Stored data
# # # # # # #
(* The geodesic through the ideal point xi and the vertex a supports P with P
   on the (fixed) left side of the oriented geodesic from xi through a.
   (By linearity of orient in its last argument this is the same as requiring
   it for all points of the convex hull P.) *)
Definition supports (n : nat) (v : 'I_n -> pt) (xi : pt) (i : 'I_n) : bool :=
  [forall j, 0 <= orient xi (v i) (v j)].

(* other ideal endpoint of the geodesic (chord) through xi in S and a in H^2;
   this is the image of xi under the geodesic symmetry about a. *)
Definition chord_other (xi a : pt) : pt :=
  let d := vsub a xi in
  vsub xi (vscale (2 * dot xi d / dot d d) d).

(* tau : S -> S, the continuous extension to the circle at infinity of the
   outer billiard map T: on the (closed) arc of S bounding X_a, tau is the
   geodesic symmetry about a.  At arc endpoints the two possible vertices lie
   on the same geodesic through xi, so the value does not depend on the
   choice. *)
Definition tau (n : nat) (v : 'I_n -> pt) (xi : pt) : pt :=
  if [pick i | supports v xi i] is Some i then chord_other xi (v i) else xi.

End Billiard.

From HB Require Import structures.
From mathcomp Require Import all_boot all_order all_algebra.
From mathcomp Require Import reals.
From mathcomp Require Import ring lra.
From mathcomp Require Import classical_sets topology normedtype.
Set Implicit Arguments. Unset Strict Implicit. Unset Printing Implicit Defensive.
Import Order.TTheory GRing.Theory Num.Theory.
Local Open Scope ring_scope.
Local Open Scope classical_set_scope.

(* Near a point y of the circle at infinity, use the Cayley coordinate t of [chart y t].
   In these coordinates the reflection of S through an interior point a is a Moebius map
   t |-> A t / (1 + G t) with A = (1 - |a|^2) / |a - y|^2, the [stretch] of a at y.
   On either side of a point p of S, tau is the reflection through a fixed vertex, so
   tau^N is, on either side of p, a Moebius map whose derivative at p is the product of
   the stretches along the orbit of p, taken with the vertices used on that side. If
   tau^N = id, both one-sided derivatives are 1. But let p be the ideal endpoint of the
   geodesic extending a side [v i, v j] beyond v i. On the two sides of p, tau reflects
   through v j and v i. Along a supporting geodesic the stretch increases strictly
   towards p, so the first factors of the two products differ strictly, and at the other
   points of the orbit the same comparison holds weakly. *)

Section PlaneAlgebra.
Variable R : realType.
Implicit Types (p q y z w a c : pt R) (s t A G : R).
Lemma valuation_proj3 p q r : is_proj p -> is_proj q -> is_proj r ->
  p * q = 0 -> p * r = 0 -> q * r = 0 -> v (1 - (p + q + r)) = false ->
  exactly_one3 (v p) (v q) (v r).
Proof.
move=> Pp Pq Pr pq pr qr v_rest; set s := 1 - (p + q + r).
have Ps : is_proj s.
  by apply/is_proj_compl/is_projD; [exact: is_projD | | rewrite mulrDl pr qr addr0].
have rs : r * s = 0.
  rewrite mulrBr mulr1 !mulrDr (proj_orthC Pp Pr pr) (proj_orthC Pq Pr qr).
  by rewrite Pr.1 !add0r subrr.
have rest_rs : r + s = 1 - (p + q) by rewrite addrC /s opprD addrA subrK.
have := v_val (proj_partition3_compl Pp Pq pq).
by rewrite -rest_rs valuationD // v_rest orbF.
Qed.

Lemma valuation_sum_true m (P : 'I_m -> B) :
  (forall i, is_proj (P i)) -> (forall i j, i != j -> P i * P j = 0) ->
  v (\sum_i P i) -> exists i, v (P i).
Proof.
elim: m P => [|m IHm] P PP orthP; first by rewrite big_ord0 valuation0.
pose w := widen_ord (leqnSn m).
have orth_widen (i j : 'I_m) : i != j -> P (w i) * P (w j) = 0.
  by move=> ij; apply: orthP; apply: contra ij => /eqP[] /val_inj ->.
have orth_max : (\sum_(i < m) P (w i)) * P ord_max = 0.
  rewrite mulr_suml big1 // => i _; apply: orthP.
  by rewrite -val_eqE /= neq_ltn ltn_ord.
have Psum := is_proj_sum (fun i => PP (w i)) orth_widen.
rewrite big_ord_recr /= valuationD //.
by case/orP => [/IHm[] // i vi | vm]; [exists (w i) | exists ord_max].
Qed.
# # # # # # #
_WORK REQUIRED_. The reply should consist of the records, reproduced exactly.

_ANSWER FOR THE TASK_.
(* The geodesic through the ideal point xi and the vertex a supports P with P
   on the (fixed) left side of the oriented geodesic from xi through a.
   (By linearity of orient in its last argument this is the same as requiring
   it for all points of the convex hull P.) *)
Definition supports (n : nat) (v : 'I_n -> pt) (xi : pt) (i : 'I_n) : bool :=
  [forall j, 0 <= orient xi (v i) (v j)].

(* other ideal endpoint of the geodesic (chord) through xi in S and a in H^2;
   this is the image of xi under the geodesic symmetry about a. *)
Definition chord_other (xi a : pt) : pt :=
  let d := vsub a xi in
  vsub xi (vscale (2 * dot xi d / dot d d) d).

(* tau : S -> S, the continuous extension to the circle at infinity of the
   outer billiard map T: on the (closed) arc of S bounding X_a, tau is the
   geodesic symmetry about a.  At arc endpoints the two possible vertices lie
   on the same geodesic through xi, so the value does not depend on the
   choice. *)
Definition tau (n : nat) (v : 'I_n -> pt) (xi : pt) : pt :=
  if [pick i | supports v xi i] is Some i then chord_other xi (v i) else xi.

End Billiard.

From HB Require Import structures.
From mathcomp Require Import all_boot all_order all_algebra.
From mathcomp Require Import reals.
From mathcomp Require Import ring lra.
From mathcomp Require Import classical_sets topology normedtype.
Set Implicit Arguments. Unset Strict Implicit. Unset Printing Implicit Defensive.
Import Order.TTheory GRing.Theory Num.Theory.
Local Open Scope ring_scope.
Local Open Scope classical_set_scope.

(* Near a point y of the circle at infinity, use the Cayley coordinate t of [chart y t].
   In these coordinates the reflection of S through an interior point a is a Moebius map
   t |-> A t / (1 + G t) with A = (1 - |a|^2) / |a - y|^2, the [stretch] of a at y.
   On either side of a point p of S, tau is the reflection through a fixed vertex, so
   tau^N is, on either side of p, a Moebius map whose derivative at p is the product of
   the stretches along the orbit of p, taken with the vertices used on that side. If
   tau^N = id, both one-sided derivatives are 1. But let p be the ideal endpoint of the
   geodesic extending a side [v i, v j] beyond v i. On the two sides of p, tau reflects
   through v j and v i. Along a supporting geodesic the stretch increases strictly
   towards p, so the first factors of the two products differ strictly, and at the other
   points of the orbit the same comparison holds weakly. *)

Section PlaneAlgebra.
Variable R : realType.
Implicit Types (p q y z w a c : pt R) (s t A G : R).
Lemma valuation_proj3 p q r : is_proj p -> is_proj q -> is_proj r ->
  p * q = 0 -> p * r = 0 -> q * r = 0 -> v (1 - (p + q + r)) = false ->
  exactly_one3 (v p) (v q) (v r).
Proof.
move=> Pp Pq Pr pq pr qr v_rest; set s := 1 - (p + q + r).
have Ps : is_proj s.
  by apply/is_proj_compl/is_projD; [exact: is_projD | | rewrite mulrDl pr qr addr0].
have rs : r * s = 0.
  rewrite mulrBr mulr1 !mulrDr (proj_orthC Pp Pr pr) (proj_orthC Pq Pr qr).
  by rewrite Pr.1 !add0r subrr.
have rest_rs : r + s = 1 - (p + q) by rewrite addrC /s opprD addrA subrK.
have := v_val (proj_partition3_compl Pp Pq pq).
by rewrite -rest_rs valuationD // v_rest orbF.
Qed.

Lemma valuation_sum_true m (P : 'I_m -> B) :
  (forall i, is_proj (P i)) -> (forall i j, i != j -> P i * P j = 0) ->
  v (\sum_i P i) -> exists i, v (P i).
Proof.
elim: m P => [|m IHm] P PP orthP; first by rewrite big_ord0 valuation0.
pose w := widen_ord (leqnSn m).
have orth_widen (i j : 'I_m) : i != j -> P (w i) * P (w j) = 0.
  by move=> ij; apply: orthP; apply: contra ij => /eqP[] /val_inj ->.
have orth_max : (\sum_(i < m) P (w i)) * P ord_max = 0.
  rewrite mulr_suml big1 // => i _; apply: orthP.
  by rewrite -val_eqE /= neq_ltn ltn_ord.
have Psum := is_proj_sum (fun i => PP (w i)) orth_widen.
rewrite big_ord_recr /= valuationD //.
by case/orP => [/IHm[] // i vi | vm]; [exists (w i) | exists ord_max].
Qed.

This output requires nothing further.